Balık hafızalı bir toplum olduğumuz söylenir.
O halde gelin hafızalarımızı tazeleyelim, 20 Mayıs’a dönelim.
Ekip otomobiliyle Çevre Yolu‘ndan Ankara istikametine ilerleyen polis memuru Servet Ildız, Çağlayan Tır Parkı civarında, emniyet şeridinde bir trafik kazasına rastlıyor.
Bunun üzerine aracından inerek kazaya müdahale etmek istiyor Ildız.
Bu sırada aynı istikamette ilerleyen bir TIR, kaza yapan otomobile yandan çarpıyor.
Kaza yapan otomobille TIR‘ın arasında sıkışan Ildız, oracıkta şehit oluyor.
Talihsiz olayı hatırladınız mı?
Peki polis memurunu şehit eden TIR şoförü nerede biliyor musunuz?
4 ay cezaevinde kaldı ve mahkemenin 4 yıl 2 ay hapis cezasının ardından serbest bırakıldı.
Yine Bursa’da bir taksi şoförü yolunda giderken kafasına vinç düşmüş ve yaşamını yitirmişti.
O vinç şirketinin ortağı ve operatör de mahkeme kararıyla serbest kaldı.
Birinin cezası paraya çevrildi, diğerininki ertelendi.
Sosyal medyada bu tahliye haberlerine tek bir tepki mesajına rastladınız mı?
Yazılı ve görsel medyada, bir tek eleştiri okuyup, izlediniz mi?
Elbette hayır…
Çünkü, şehit polis ve taksi şoförü gariban insanlardı.
Esasında, Türkiye‘de binlerce ölümcül kazada, binlerce sanık salıveriliyor.
Üstelik birçoğu, tek birgün cezaevinde kalmadan serbest bırakılıyor.
Rüzgar Çetin ise babasından dolayı ünlü bir adamdı ve ona tahliye kararı veren hakimler, linç edilmek için biçilmiş kaftanlardı.
Yahu, şehit polisin karısı şikayetten vazgeçmiş, anası, babası biz kimseden şikayetçi değiliz diye dilekçe vermiş…
Ne yapsın hakimler?
Kanunlardan habersiz, linç etmek için elleri tetikte olan bazıları istiyor, yaygın medya da mal bulmuş mağribi misali hadiseyi köpürtüyor diye, kanunun öngördüğü sınırların dışına mı çıksınlar?
Ötekine farklı hukuk, berikine farklı hukuk olur mu?

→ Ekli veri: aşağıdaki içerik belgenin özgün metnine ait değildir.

Lemma cell_meets_both_sides L h s t :
    cell_meets L (h :: s) (false :: t) -> cell_meets L (h :: s) (true :: t) ->
  cell_meets (L :&: kermx h^T)%MS s t.
Proof.
move=> /asboolP[y yL /andP[hy sy]] /asboolP[w wL /andP[hw sw]]; apply/asboolP.
rewrite sdot_false in hy; rewrite sdot_true oppr_gt0 in hw.
exists ((- dot h w) *: y + dot h y *: w).
  rewrite sub_capmx addmx_sub ?scalemx_sub //= sub_kermx_dot.
  by rewrite dotD !dotZ mulNr mulrC addNr.
by apply: cell_conic => //; [exact: cell_sub_cone | rewrite oppr_ge0 ltW].
Qed.

Lemma count_cell_meets_le s {V L} : (L <= V)%MS ->
  (count (cell_meets L s) (signs (size s)) <= generic_count s V (\rank L))%N.
Proof.
elim: s V L => [|h s IH] V L LV /=; first by rewrite addn0 leq_b1.
rewrite count_signsS.
have [Lh | Lh] := boolP (L <= kermx h^T)%MS.
  by rewrite !(@eq_count _ _ pred0) ?count_pred0 // => t; exact: cell_meets_ker.
have Vh : ~~ (V <= kermx h^T)%MS by apply: contra Lh; exact: submx_trans.
have /prednK rL : (0 < \rank L)%N.
  by rewrite lt0n mxrank_eq0; apply: contraNneq Lh => ->; exact: sub0mx.
rewrite (negbTE Vh) -rL -count_predUI rL; apply: leq_add.
  apply: leq_trans _ (IH V L LV); apply: sub_count => t /orP[] /cell_meets_behead //.
rewrite -(rank_capmx_ker Lh); apply: leq_trans _ (IH _ _ (capmxS LV (submx_refl _))).
by apply: sub_count => t /andP[]; exact: cell_meets_both_sides.
Qed.

Lemma cone_meets_lift V L h s b t : ~~ (V <= kermx h^T)%MS ->
    cone_meets (V :&: kermx h^T)%MS (L :&: kermx h^T)%MS s t ->
  cone_meets V L (h :: s) (b :: t).
Proof.
move=> Vh /asboolP[[w wVh sw] [y [yLh y0 sy]]]; apply/asboolP.
move: wVh yLh; rewrite !sub_capmx !sub_kermx_dot => /andP[wV /eqP wh] /andP[yL /eqP yh].
have [z zV hz] := exists_sdot_gt0 b Vh.
have [e e0 He] := cell_shift z sw.
split.
  exists (w + e *: z); first by rewrite addmx_sub ?scalemx_sub.
  apply/andP; split; last by apply: He; rewrite e0 lexx.
  by rewrite sdotD sdotZ /sdot wh mulr0 add0r mulr_gt0.
by exists y; split => //; apply/andP; split; rewrite // /sdot yh mulr0.
Qed.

Olursa da hukuk değil, guguk olmaz mı?
Bahçeli pişman mıdır?
MHP Genel Başkanı Devlet Bahçeli, grup toplantısında başkanlıkla ilgili öyle bir konuştu ki, yakıcı gündemi değiştiriverdi.
Ancak şunlarla karşılaşacağını bilmem öngörüyor muydu:
-4 siyasi partinin grup başkanvekillerinin 7 maddesinde anlaşıp diğerlerini genel başkanlarının uzlaşmasına bıraktığı anayasa değişiklik pakedini yerleyeksan etti.
-“MHP, AK Parti’nin arka bahçesi oldu” söylemlerini perçinledi.
–AK Parti ile yakınlaşmadan rahatsız olan parti içi muhalefet ateşini alevlendirdi.
-Hükümete yakın medyanın övgülerine, Başbakan‘ın teşekkürüne mazhar oldu.
–CHP Sözcüsü Selin Sayek Böke‘nin, “Saray’ın yedek lastiği” sözlerine muhatap oldu.
-Muhalefet partisi temsilcilerinin, “Bahçeli bu açıklamayı boşuna yapmamıştır, arka planda pazarlık var” sözlerini göğüslemek zorunda kaldı.
Zamanı geriye döndürsek, Bahçeli yine o sözleri söyler miydi?
Bilemedim…
Tek kişilik üniversite
Gümüşhane Üniversitesi‘nin internet sitesinde yer alan bu fotoğraf da öyle.
OHAL kapsamında tüm dekanlar istifa ettirildi ve çoğunun yerlerine de henüz atama yapılmadı.
Hal böyle olunca, Gümüşhane Üniversitesi‘ndeki 7 fakültenin dekanlığa Rektör İhsan Günaydın vekaleten bakıyor.
Yani hem rektör, hem de 7 fakültenin dekan vekili.
Olağanüstü Hal dönemini anlatan bin sayfalık yazı mı, yoksa bu fotoğraf mı?